Durvalumab (IMFINZI) is FDA approved immunotherapy that blocks PD-L1
Durvalumab is a human immunoglobulin G1 kappa (IgG1κ) monoclonal antibody that blocks the interaction of programmed cell death ligand 1 (PD-L1) with the PD-1 and CD80 (B7.1) molecules. Durvalumab is produced by recombinant DNA technology in Chinese Hamster Ovary (CHO) cell suspension culture.
Indication of Durvalumab (IMFINZI)
IMFINZI is a programmed death-ligand 1 (PD-L1) blocking antibody indicated for the treatment of patients with:
Locally advanced or metastatic urothelial carcinoma who:
- have disease progression during or following platinum-containing chemotherapy.
- have disease progression within 12 months of neoadjuvant or adjuvant treatment with platinum-containing chemotherapy.
This indication is approved under accelerated approval based on tumor response rate and duration of response. Continued approval for this indication may be contingent upon verification and description of clinical benefit in confirmatory trials.
Warning & Precautions
Immune-Mediated Pneumonitis: Withhold for moderate and permanently discontinue for severe or life-threatening pneumonitis.
Immune-Mediated Hepatitis: Monitor for changes in liver function. Withhold for moderate and permanently discontinue for severe or life-threatening transaminase or total bilirubin elevation.
Immune-Mediated Colitis: Withhold for moderate and permanently discontinue for severe or life-threatening colitis.
Immune-Mediated Endocrinopathies: Adrenal Insufficiency, Hypophysitis, or Type 1 Diabetes Mellitus: Withhold for moderate, severe or life-threatening.
Immune-Mediated Nephritis: Monitor for changes in renal function. Withhold for moderate and permanently discontinue for severe or life-threatening nephritis.
Infection: Withhold for severe or life-threatening infection.
Infusion-Related Reactions: Interrupt infusion or slow the rate of infusion for mild or moderate and permanently discontinue for severe or life-threatening infusion-related reactions. Embryo-Fetal Toxicity: Can cause fetal harm. Advise females of reproductive potential of the potential risk to a fetus and use of effective contraception.

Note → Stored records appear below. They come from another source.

(* Let $n\ge1$, $s\in\{1,\dots,n\}$ and let $C\in\mathbb{R}^{n\times n}$ be symmetric positive definite. For all $t_1,t_2$ with $0<t_1\le t_2\le\lambda_{\min}(C)$, $\hat z^D(t_1)\ge\hat z^D(t_2)$.
   Context: $\lambda_{\min}(C)$ is the smallest eigenvalue of $C$. For $0\le t\le\lambda_{\min}(C)$ let $A(t)\in\mathbb{R}^{n\times n}$ be a Cholesky factor of $C-tI$ (so $C-tI=A(t)^\top A(t)$), with $i$-th column $a_i(t)$, and for $x\in[0,1]^n$ let $M_t(x)=\sum_i x_i a_i(t)a_i(t)^\top$. For $t>0$, $\hat z^D(t)=\max\{\log\det(M_t(x)+tI) : x\in[0,1]^n,\ \sum_i x_i=s\}-(n-s)\log(t)$ (natural log). *)

From HB Require Import structures.
From mathcomp Require Import all_boot all_order all_algebra.
From mathcomp Require Import classical_sets reals exp.
Set Implicit Arguments. Unset Strict Implicit. Unset Printing Implicit Defensive.
Import Order.TTheory GRing.Theory Num.Theory.
Local Open Scope classical_set_scope.
Local Open Scope ring_scope.

Section Defs.
Variable R : realType.

Definition sym_mx n (C : 'M[R]_n) : Prop := C^T = C.
Definition posdef_mx n (C : 'M[R]_n) : Prop :=
  forall v : 'cV[R]_n, v != 0 -> 0 < (v^T *m C *m v) 0 0.

Definition is_lambda_min n (C : 'M[R]_n) (lam : R) : Prop :=
  eigenvalue C lam /\ forall mu, eigenvalue C mu -> lam <= mu.

Definition factor_of n (C : 'M[R]_n) (t : R) (A : 'M[R]_n) : Prop :=
  C - t%:M = A^T *m A.

Definition Mx n (A : 'M[R]_n) (x : 'I_n -> R) : 'M[R]_n :=
  \sum_(i < n) x i *: (col i A *m (col i A)^T).

Definition feasible n (s : nat) (x : 'I_n -> R) : Prop :=
  (forall i, 0 <= x i <= 1) /\ \sum_(i < n) x i = s%:R.
(* Let $G$ be a dense $K_4^3\cup e$-free $3$-graph with $\lambda(G)>\frac{\sqrt3}{18}$. Then $G$ is $X_3$-free.
   Context: $K_4^3\cup e$ is the $3$-graph on $\{1,\dots,7\}$ with edges $\{123,124,134,234,567\}$. For a $3$-graph $G$ on $[n]$, $\lambda(G)=\max\{\sum_{e\in E(G)}\prod_{i\in e}x_i:\sum_ix_i=1,x_i\ge0\}$. An $r$-graph $G$ is dense if $\lambda(G')<\lambda(G)$ for every proper subgraph $G'$ of $G$. $X_i$ is the $3$-graph on $[2i+2]$ in which $\{1,2,2j+1,2j+2\}$ spans a $K_4^3$ for each $1\le j\le i$, and no other edges. *)

From HB Require Import structures.
From mathcomp Require Import all_boot all_order all_algebra.
From mathcomp Require Import classical_sets reals.
Set Implicit Arguments. Unset Strict Implicit. Unset Printing Implicit Defensive.
Import Order.TTheory GRing.Theory Num.Theory.
Local Open Scope ring_scope.

Definition uniform3 (n : nat) (E : {set {set 'I_n}}) : Prop :=
  forall e, e \in E -> #|e| = 3%N.

Local Open Scope classical_set_scope.
Definition lagr (R : realType) (n : nat) (V : {set 'I_n}) (E : {set {set 'I_n}}) : R :=
  sup [set s : R | exists x : 'I_n -> R,
        (forall i, 0 <= x i) /\ (forall i, i \notin V -> x i = 0) /\
        (\sum_i x i = 1) /\ s = \sum_(e in E) \prod_(i in e) x i].

Local Close Scope classical_set_scope.
Definition lambda (R : realType) (n : nat) (E : {set {set 'I_n}}) : R :=
  lagr R [set: 'I_n]%SET E.

Definition subgraph (n : nat) (E : {set {set 'I_n}}) (V : {set 'I_n})
  (E' : {set {set 'I_n}}) : Prop :=
  E' \subset E /\ (forall e, e \in E' -> e \subset V).

Definition dense (R : realType) (n : nat) (E : {set {set 'I_n}}) : Prop :=
  forall V E', subgraph E V E' -> ~ (V = [set: 'I_n]%SET /\ E' = E) ->
    lagr R V E' < lambda R E.

Definition contains (n k : nat) (E : {set {set 'I_n}}) (F : seq {set 'I_k}) : Prop :=
  exists f : 'I_k -> 'I_n, injective f /\ forall e, e \in F -> f @: e \in E.

Definition hfree (n k : nat) (E : {set {set 'I_n}}) (F : seq {set 'I_k}) : Prop :=
  ~ contains E F.

Definition tri (k a b c : nat) : {set 'I_k.+1} := [set inord a; inord b; inord c].

(* K_4^3 u e on {1..7} (0-indexed: {0..6}): 123,124,134,234,567 *)
Definition K43e : seq {set 'I_7} :=
  [:: tri 6 0 1 2; tri 6 0 1 3; tri 6 0 2 3; tri 6 1 2 3; tri 6 4 5 6].

Definition K4on (k a b c d : nat) : seq {set 'I_k.+1} :=
  [:: tri k a b c; tri k a b d; tri k a c d; tri k b c d].

(* X_i on [2i+2]: {1,2,2j+1,2j+2} spans K_4^3 for 1<=j<=i (0-indexed: {0,1,2j,2j+1}) *)
Definition X (i : nat) : seq {set 'I_(2 * i).+2} :=
  flatten [seq K4on (2 * i).+1 0 1 (2 * j) (2 * j + 1) | j <- iota 1 i].
(* Let $G$ be a finite group and $H$ a normal subgroup of $G$ such that $G/H$ is cyclic of order $n$. For each divisor $d$ of $n$, let $K_d$ be the unique subgroup of $G$ containing $H$ with $|K_d:H|=d$, let $\Gamma_d$ be a coset of $H$ whose order in $G/H$ is $d$, let $T_d$ be the number of $G$-conjugacy classes contained in $\Gamma_d$, let $S_d$ be the number of $G$-conjugacy classes contained in $K_d$, and let $S^*_d$ be the number of conjugacy classes of the group $K_d$ (under its own conjugation action). Then for every divisor $d$ of $n$: (1) $\displaystyle S^*_d=n\sum_{c\mid n}\sum_{a\mid c}\mu(c/a)\frac{\gcd(a,d)}{\operatorname{lcm}(a,d)}T_c$; (2) $\displaystyle S^*_d=n\sum_{c\mid n}\sum_{a\mid c}\sum_{b\mid c}\frac{\mu(c/a)\mu(c/b)}{\phi(c)}\frac{\gcd(a,d)}{\operatorname{lcm}(a,d)}S_b$, where $\mu$ is the Möbius function and $\phi$ is Euler's totient function.
   Context: $T_d$ does not depend on the choice of the coset $\Gamma_d$ of order $d$ in $G/H$. All sums are over positive divisors. *)

From mathcomp Require Import all_boot all_order all_algebra all_fingroup all_solvable.
Set Implicit Arguments. Unset Strict Implicit. Unset Printing Implicit Defensive.
Import GRing.Theory Num.Theory.

(* Moebius function on positive integers (mu 0 := 0 by convention; unused):
   mu n = (-1)^k if n is a product of k distinct primes, 0 otherwise. *)
Definition moebius (n : nat) : int :=
  if n == 0%N then 0%R
  else if all (fun p => logn p n == 1%N) (primes n)
       then ((-1) ^+ size (primes n))%R
       else 0%R.

Definition nclasses_in (gT : finGroupType) (G : {set gT}) (A : {set gT}) : nat :=
  #|[set C in classes G | C \subset A]|.

(* Burnside's lemma turns class numbers into counts of commuting pairs: if A is a
   union of cosets of H, stable under conjugation by L with H <= L <= G, then |L|
   times the number of L-classes in A is the number of commuting pairs in A x L.
   Write G/H = <g0> and let E(i, j) be the number of commuting pairs in
   g0^i H x g0^j H.  As y |-> x y maps the elements of g0^j H commuting with x onto
   those of g0^(i+j) H, E is invariant under (i, j) |-> (i, i + j) and under
   (i, j) |-> (j, i), so E(i, j) only depends on gcd(i, j, n).  Moebius inversion
   over the divisors of n then expresses n T_c, n S_b and d S*_d as sums over m | n
   of a common weight w_m times [c | m] m, gcd(b, m) m and gcd(d, m)^2.  Formula (1)
   follows by a second Moebius inversion, and (2) from (1) since
   sum_(b | c) mu(c/b) gcd(b, m) = phi(c) [c | m]. *)

From mathcomp Require Import all_boot all_order all_algebra all_fingroup all_solvable.
From mathcomp Require Import zify ring.
Import GRing.Theory Num.Theory.
Set Implicit Arguments. Unset Strict Implicit. Unset Printing Implicit Defensive.

Section BigDivisors.
Variable R : nmodType.
(* [\sum] would parse the divisibility filters in ring_scope. *)
Local Notation "\big_ ( i <- r | P ) F" := (\big[+%R/0%R]_(i <- r | P) F)
  (at level 36, F at level 36, i, r at level 50).
Local Notation "\big_ ( i <- r ) F" := (\big[+%R/0%R]_(i <- r) F)
  (at level 36, F at level 36, i, r at level 50).

Lemma big_divisors_ord m (F : nat -> R) : 0 < m ->
  \big_(d <- divisors m) F d = \big[+%R/0%R]_(d < m.+1 | d %| m) F d.
Proof.
move=> m_gt0; rewrite -(big_mkord (dvdn^~ m)) -[RHS]big_filter.
apply: perm_big; apply: uniq_perm; rewrite ?filter_uniq ?divisors_uniq ?iota_uniq //.
move=> d; rewrite !mem_filter mem_index_iota -dvdn_divisors //.
by case dm: (d %| m); rewrite //= ltnS dvdn_leq.
Qed.

Lemma big_divisors_dvd m c (P : pred nat) (F : nat -> R) : 0 < m -> c %| m ->
  \big_(a <- divisors c | P a) F a = \big_(a <- divisors m | (a %| c) && P a) F a.
Proof.
move=> m_gt0 cm; have c_gt0 := dvdn_gt0 m_gt0 cm.
rewrite -big_filter -[RHS]big_filter.
apply: perm_big; apply: uniq_perm; rewrite ?filter_uniq ?divisors_uniq // => a.
rewrite !mem_filter -!dvdn_divisors // andbC -andbA; apply: andb_id2l => ac.
by rewrite (dvdn_trans ac cm) andbT.
Qed.

Lemma big_divisors_rev m (F : nat -> R) : 0 < m ->
  \big_(d <- divisors m) F (m %/ d) = \big_(d <- divisors m) F d.
Proof.
move=> m_gt0; rewrite -(big_map (divn m) xpredT).
have divnK' d : d %| m -> m %/ (m %/ d) = d by move=> dm; rewrite divnA // mulKn.
apply: perm_big; apply: uniq_perm; rewrite ?divisors_uniq //.
  rewrite map_inj_in_uniq ?divisors_uniq // => d e.
  by rewrite -!dvdn_divisors // => dm em de; rewrite -(divnK' d) // de divnK'.
move=> d; apply/mapP/idP => [[e] | ].
  by rewrite -!dvdn_divisors // => em ->; apply: dvdn_div.
rewrite -dvdn_divisors // => dm.
by exists (m %/ d); rewrite ?divnK' // -dvdn_divisors // dvdn_div.
Qed.

Lemma big_divisors_mul m a (F : nat -> R) : 0 < m -> a %| m ->
  \big_(c <- divisors m | a %| c) F c = \big_(s <- divisors (m %/ a)) F (a * s).
Proof.
move=> m_gt0 am; have a_gt0 := dvdn_gt0 m_gt0 am.
have ma_gt0 : 0 < m %/ a by rewrite divn_gt0 // dvdn_leq.
rewrite -(big_map (muln a) xpredT) -[LHS]big_filter.
apply: perm_big; apply: uniq_perm; rewrite ?filter_uniq ?divisors_uniq //.
  by rewrite map_inj_uniq ?divisors_uniq // => x y /eqP; rewrite eqn_pmul2l // => /eqP.
move=> c; rewrite mem_filter -dvdn_divisors //; apply/andP/mapP => [[/dvdnP[s ->] sam] | [s]].
  by exists s; rewrite 1?mulnC // -dvdn_divisors // dvdn_divRL.
rewrite -dvdn_divisors // dvdn_divRL // mulnC => sam ->.
by rewrite dvdn_mulr.
Qed.

Lemma exchange_big_divisors m (F : nat -> nat -> R) : 0 < m ->
  \big_(c <- divisors m) \big_(a <- divisors c) F c a =
  \big_(a <- divisors m) \big_(c <- divisors m | a %| c) F c a.
Proof.
move=> m_gt0; rewrite (exchange_big_dep xpredT) //=; apply: eq_big_seq => c.
rewrite -dvdn_divisors // => cm; rewrite (big_divisors_dvd _ _ m_gt0 cm).
by apply: eq_bigl => a; rewrite andbT.
Qed.

End BigDivisors.
(* Let $N\ge1$, $d\ge1$, $\varepsilon>0$, $(c_\ell)_{-N\le\ell\le N}\in\mathbb{C}^{2N+1}$, $\alpha,\beta\in\mathbb{C}^d$, and let $\mathcal L(t,\mathbf x,\dot{\mathbf x})$ be a lagrangian, continuous in $t\in[a,b]$ and continuously complex-differentiable in $(\mathbf x,\dot{\mathbf x})\in\mathbb{C}^d\times\mathbb{C}^d$. Let $\mathbf x\in\mathcal C_{pw}(d,N,\alpha,\beta)$ be a critical point of the discrete action \[ \mathcal A_{disc}(\mathbf x)=\int_a^b\mathcal L(t,\mathbf x(t),\Box_\varepsilon\mathbf x(t))\,dt, \] i.e. $\frac{d}{d\eta}\big|_{\eta=0}\mathcal A_{disc}(\mathbf x+\eta\mathbf h)=0$ for every $\mathbf h\in\mathcal C_{pw}(d,N,0,0)$. Then for every $j\in\{1,\dots,d\}$, \[ \Box_{-\varepsilon}\Big[\frac{\partial\mathcal L}{\partial\dot x_j}(\cdot,\mathbf x(\cdot),\Box_\varepsilon\mathbf x(\cdot))\Big](t)+\frac{\partial\mathcal L}{\partial x_j}(t,\mathbf x(t),\Box_\varepsilon\mathbf x(t))=0 \] for (almost) every $t\in[a,b]$; explicitly, $\sum_{\ell=-N}^{N}c_\ell\,\chi_\ell(t)\,\frac{\partial\mathcal L}{\partial\dot x_j}\big(t-\ell\varepsilon,\mathbf x(t-\ell\varepsilon),\Box_\varepsilon\mathbf x(t-\ell\varepsilon)\big)+\frac{\partial\mathcal L}{\partial x_j}(t,\mathbf x(t),\Box_\varepsilon\mathbf x(t))=0$.
   Context: Fix $[a,b]$ and $\varepsilon>0$. For each integer $\ell$, $\chi_\ell$ is the indicator function of $[\max(a,a+\ell\varepsilon),\min(b,b+\ell\varepsilon)]$; a term multiplied by a vanishing $\chi_\ell$ is taken to be $0$. For $\alpha,\beta\in\mathbb{C}^d$, $\mathcal C_{pw}(d,N,\alpha,\beta)$ is the set of functions $\mathbf x:[a,b]\to\mathbb{C}^d$ with $\mathbf x(a)=\alpha$, $\mathbf x(b)=\beta$, continuous on each interval $[a+\ell\varepsilon,a+(\ell+1)\varepsilon]\cap[a,b]$, $\ell\in\mathbb{Z}$ (with the topology of uniform convergence). Given coefficients $(c_\ell)_{-N\le \ell\le N}$, the generalized scale derivative is \[ \Box_\varepsilon\mathbf x(t)=\sum_{\ell=-N}^{N}c_\ell\,\mathbf x(t+\ell\varepsilon)\chi_{-\ell}(t),\qquad t\in[a,b], \] acting componentwise, and $\Box_{-\varepsilon}$ denotes the operator obtained by replacing $\varepsilon$ with $-\varepsilon$ while keeping the same coefficients $c_\ell$: \[ \Box_{-\varepsilon}\mathbf f(t)=\sum_{\ell=-N}^{N}c_\ell\,\mathbf f(t-\ell\varepsilon)\chi_{\ell}(t). \] *)

From Stdlib Require Import Reals ZArith.
From mathcomp Require Import ssreflect ssrfun ssrbool eqtype ssrnat seq fintype.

Adverse Reaction related to Durvalumab (Imfinzi):
The most common adverse events (reported in ≥15% of patients) were fatigue, musculoskeletal pain, constipation, decreased appetite, nausea, peripheral edema, and urinary tract infection.
Formulation of IMFINZI (durvalumab)
IMFINZI (durvalumab) Injection for intravenous use is a sterile, preservative-free, clear to opalescent, colorless to slightly yellow solution, free from visible particles. Each 500 mg vial of IMFINZI contains 500 mg of durvalumab in 10 mL solution. Each mL contains durvalumab, 50 mg, L-histidine (2 mg), L-histidine hydrochloride monohydrate (2.7 mg), α,α-trehalose dihydrate (104 mg), Polysorbate 80 (0.2 mg), and Water for Injection, USP. Each 120 mg vial of IMFINZI contains 120 mg of durvalumab in 2.4 mL solution. Each mL contains durvalumab, 50 mg, L-histidine (2 mg), L-histidine hydrochloride monohydrate (2.7 mg), α,α-trehalose dihydrate (104 mg), Polysorbate 80 (0.2 mg), and Water for Injection, USP.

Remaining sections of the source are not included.